Learning how to live, learning how to live again



BRIDGE



I know there are no guarantees  (The bridge doesn't add anything new or dimensional that puts a twist or even expands on what's going on here.  You could use a new bridge as an opportunity to shed light on the singer's story with more personal details.)

Nothing has been promised to me

You only get what you put in...

I'm learning how to live, how to live



CHORUS



I'm learning how to live again

I can't go back to where I've been

There's bumps in the road, any way I go

But I'm doing the best I can

Learning how to live, how to live

I'm learning how to live again

Wes,

I think you're off to a great start. I would consider going back and doing one of two things. One option, redo the bridge shedding light on the singer's situation, adding more detail. I read over your own personal story in MAB's forum (thank you for sharing this) and think perhaps more detail about your own personal experiences and struggles as it seems to relate would only make this much, much stronger. The other option, is to start over and center a story or an odyssey of your own personal experiences with a beginning, middle and ending, still using the title "Learning How To Live Again", which is a super title. At present, the story or situation here doesn't advance. There's no motion and all tell and no show.  I think you have a lot to work with here that could really be developed to be powerful. We all face obstacles and set backs in life. I think people will relate even if their situation and experience is different from yours.  The character in the lyric is struggling. I want to feel his pain, his anguish, frustration. More detail will help and keep this in the first person. You've shifted from "We", to "I", to even "you" once. Focus this in first person and provide detail and you've got some powerful words.

And that's about it.  Keep or sweep away all my thoughts and suggestions, but I like what you've started.


Carl
Wes Tibbets
#2
Thanks Carl!

I really appreciate you taking the time to critique it and the suggestions you made. I'm on time constraints at the moment, but I'll sit down this evening and try to address what you have pointed out. I agree with you 100%. This was just a first draft. I was planning on going back through it and doing a rewrite at some point anyway. It really helps to have someone else's take on it because unlike a lot of my writes, I am trying to write this from a "where I am in life" standpoint. I hope you are having a great day. Best wishes!
Bill Draper
#3
I'll try a review of this more from a "forest" view than looking at specific "trees"

I like the the verses. they tell the story of of someone who is resilient and works off past mistakes to become stronger.
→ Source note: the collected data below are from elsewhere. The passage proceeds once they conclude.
(* Consider any run of Algorithm 1 (described in the context) under the standing assumption. The number of unsuccessful iterations that occur before an $(\epsilon_g,\epsilon_H)$-stationary point is reached is either zero or else satisfies \[ |\mathcal{U}|\ \le\ \Big\lfloor 1+\log_{\gamma_1}\Big(\tfrac{3(1-\eta)}{L_H\delta_{\max}}\Big)+\log_{\gamma_1}(\epsilon_H)\Big\rfloor\,|\mathcal{S}|. \]
   Context: Let $f:\mathbb{R}^n\to\mathbb{R}$ with gradient $g=\nabla f$ and Hessian $H=\nabla^2 f$; $\|\cdot\|$ is the Euclidean norm and $\lambda_{\min}(\cdot)$ the smallest eigenvalue of a symmetric matrix. A point $x$ is $(\epsilon_g,\epsilon_H)$-stationary if $\|g(x)\|\le\epsilon_g$ and $\lambda_{\min}(H(x))\ge-\epsilon_H$. Write $f_k=f(x_k)$, $g_k=g(x_k)$, $H_k=H(x_k)$ and $m_k(x):=f_k+g_k^T(x-x_k)+\tfrac12(x-x_k)^TH_k(x-x_k)$. Algorithm 1 (exact trust-region Newton method). Inputs: tolerances $\epsilon_g,\epsilon_H>0$; parameters $\gamma_1\in(0,1)$, $\gamma_2\in[1,\infty)$, $\psi\in(1/\gamma_2,1]$; $x_0\in\mathbb{R}^n$; $\delta_0>0$; $\delta_{\max}\ge\delta_0$; $\eta\in(0,1)$. For $k=0,1,2,\dots$: evaluate $g_k,H_k$; if $\|g_k\|\le\epsilon_g$, compute $\lambda_k=\lambda_{\min}(H_k)$ and, if $\lambda_k\ge-\epsilon_H$, return $x_k$ (terminate). Otherwise compute $s_k$ as a global solution of $\min_{s}\ m_k(x_k+s)+\tfrac12\epsilon_H\|s\|^2$ subject to $\|s\|\le\delta_k$. Set $\rho_k=\frac{f_k-f(x_k+s_k)}{m_k(x_k)-m_k(x_k+s_k)}$. If $\rho_k\ge\eta$: $x_{k+1}=x_k+s_k$, and $\delta_{k+1}=\min\{\gamma_2\delta_k,\delta_{\max}\}$ if $\|s_k\|\ge\psi\delta_k$, else $\delta_{k+1}=\delta_k$. If $\rho_k<\eta$: $x_{k+1}=x_k$ and $\delta_{k+1}=\gamma_1\|s_k\|$. $\mathcal{K}$ is the set of indices $k$ such that iteration $k$ is completed without termination; $\mathcal{S}=\{k\in\mathcal{K}:\rho_k\ge\eta\}$ (successful), $\mathcal{U}=\{k\in\mathcal{K}:\rho_k<\eta\}$ (unsuccessful). Standing assumption: the sequence $\{f_k\}$ is bounded below by some $f_{\rm low}\in\mathbb{R}$, and all segments $[x_k,x_k+s_k]$ lie in an open set on which $f$ is twice continuously differentiable with gradient Lipschitz continuous with constant $L_g>0$ and Hessian Lipschitz continuous with constant $L_H>0$. *)

From HB Require Import structures.
From mathcomp Require Import all_boot all_order all_algebra.
From mathcomp Require Import all_classical all_reals all_analysis.
Set Implicit Arguments. Unset Strict Implicit. Unset Printing Implicit Defensive.
Import Order.TTheory GRing.Theory Num.Theory.
Import numFieldNormedType.Exports.
Local Open Scope classical_set_scope.
Local Open Scope ring_scope.

Section TR.
Variables (R : realType) (n : nat).
Notation vec := 'cV[R]_n.
Notation mat := 'M[R]_n.

Definition dotp (u v : vec) : R := \sum_(i < n) u i 0 * v i 0.
Definition enorm (v : vec) : R := Num.sqrt (dotp v v).

Definition lambda_min (A : mat) : R := inf [set a : R | eigenvalue A a].

Definition tr_logb (b y : R) : R := ln y / ln b.

Definition tr_model (f : vec -> R) (g : vec -> vec) (H : vec -> mat) (xk x : vec) : R :=
  f xk + dotp (g xk) (x - xk) + 2^-1 * dotp (x - xk) (H xk *m (x - xk)).

(* (eps_g, eps_H)-stationarity: the termination test of Algorithm 1 *)
Definition stationary (g : vec -> vec) (H : vec -> mat) (eg eH : R) (x : vec) : Prop :=
  enorm (g x) <= eg /\ - eH <= lambda_min (H x).

Definition smooth_on (f : vec -> R) (g : vec -> vec) (H : vec -> mat)
    (O : set vec) (Lg LH : R) : Prop :=
  open O /\
  (forall x, O x -> differentiable f x /\ forall h, 'd f x h = dotp (g x) h) /\
  (forall x, O x -> differentiable g x /\ forall h, 'd g x h = H x *m h) /\
  {in O, continuous H} /\
  (forall x y, O x -> O y -> enorm (g x - g y) <= Lg * enorm (x - y)) /\
  (forall x y, O x -> O y -> forall v,
     enorm ((H x - H y) *m v) <= LH * enorm (x - y) * enorm v).

Definition tr_segment (a b : vec) : set vec :=
  [set z | exists t : R, 0 <= t <= 1 /\ z = a + t *: (b - a)].

Definition tr_ratio (f : vec -> R) g H (xk sk : vec) : R :=
  (f xk - f (xk + sk)) / (tr_model f g H xk xk - tr_model f g H xk (xk + sk)).

(* Iteration k is tr_completed (k \in K): no termination at iterations 0..k. *)
Definition tr_completed g H eg eH (x : nat -> vec) (k : nat) : Prop :=
  forall j, (j <= k)%N -> ~ stationary g H eg eH (x j).

(* Iterate x_k is actually produced by the run: iterations 0..k-1 tr_completed. *)
Definition tr_reached g H eg eH (x : nat -> vec) (k : nat) : Prop :=
  forall j, (j < k)%N -> ~ stationary g H eg eH (x j).

(* A run of Algorithm 1 (the exact trust-region Newton method), described by
   the sequences x_k, delta_k, s_k (values beyond termination are irrelevant),
   together with the tr_standing assumption. *)
Definition TR_run (f : vec -> R) (g : vec -> vec) (H : vec -> mat)
    (eg eH g1 g2 psi d0 dmax eta : R)
    (x : nat -> vec) (delta : nat -> R) (s : nat -> vec) : Prop :=
  0 < eg /\ 0 < eH /\ 0 < g1 < 1 /\ 1 <= g2 /\ g2^-1 < psi <= 1 /\
  0 < d0 /\ d0 <= dmax /\ 0 < eta < 1 /\
  delta 0%N = d0 /\
  (forall k, tr_completed g H eg eH x k ->
     (enorm (s k) <= delta k /\
      forall t, enorm t <= delta k ->
        tr_model f g H (x k) (x k + s k) + 2^-1 * eH * enorm (s k) ^+ 2
        <= tr_model f g H (x k) (x k + t) + 2^-1 * eH * enorm t ^+ 2) /\
     (eta <= tr_ratio f g H (x k) (s k) ->
        x k.+1 = x k + s k /\
        delta k.+1 = (if psi * delta k <= enorm (s k)
                      then Num.min (g2 * delta k) dmax else delta k)) /\
     (tr_ratio f g H (x k) (s k) < eta ->
        x k.+1 = x k /\ delta k.+1 = g1 * enorm (s k))).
And so....that is what I wanted to hear in the chorus...but didn't . not exactly....learning how to live again seems to say once upon a time you had it down perfect....then you lost it

But that seems a different story line from the verses.

So chorus would be like:

Now I'm strong
Getting along
Stronger Stronger day by day

or something like that 

just me $.02.

Bill

  
Wes Tibbets
#4
Hi Bill,

Thanks for the comments and suggestions. I can understand where you are coming from with the chorus. Where this came from was that I was advised to write something about where I am in life. Thus, the title. I got knocked down pretty hard several years ago and these days, I'm picking up the pieces of what is left. And when I look at every day, each day I'm learning to live again. So that is kind of where that comes from. Of course, a listener doesn't get the opportunity to hear the story behind the music before they listen to it. Unless it is on the chart countdown or during a live performance. So I certainly have something to consider because not everyone is going to understand that is where I'm coming from. I'll definitely think some on that and see if or what  changes I need to make going forward. I've posted a rewrite already on it trying to address some of the things Carl mentioned in his crit. I don't know if I managed to do it or not. But it is a process so I'll just keep on keepin' on with it until hopefully it turns out right.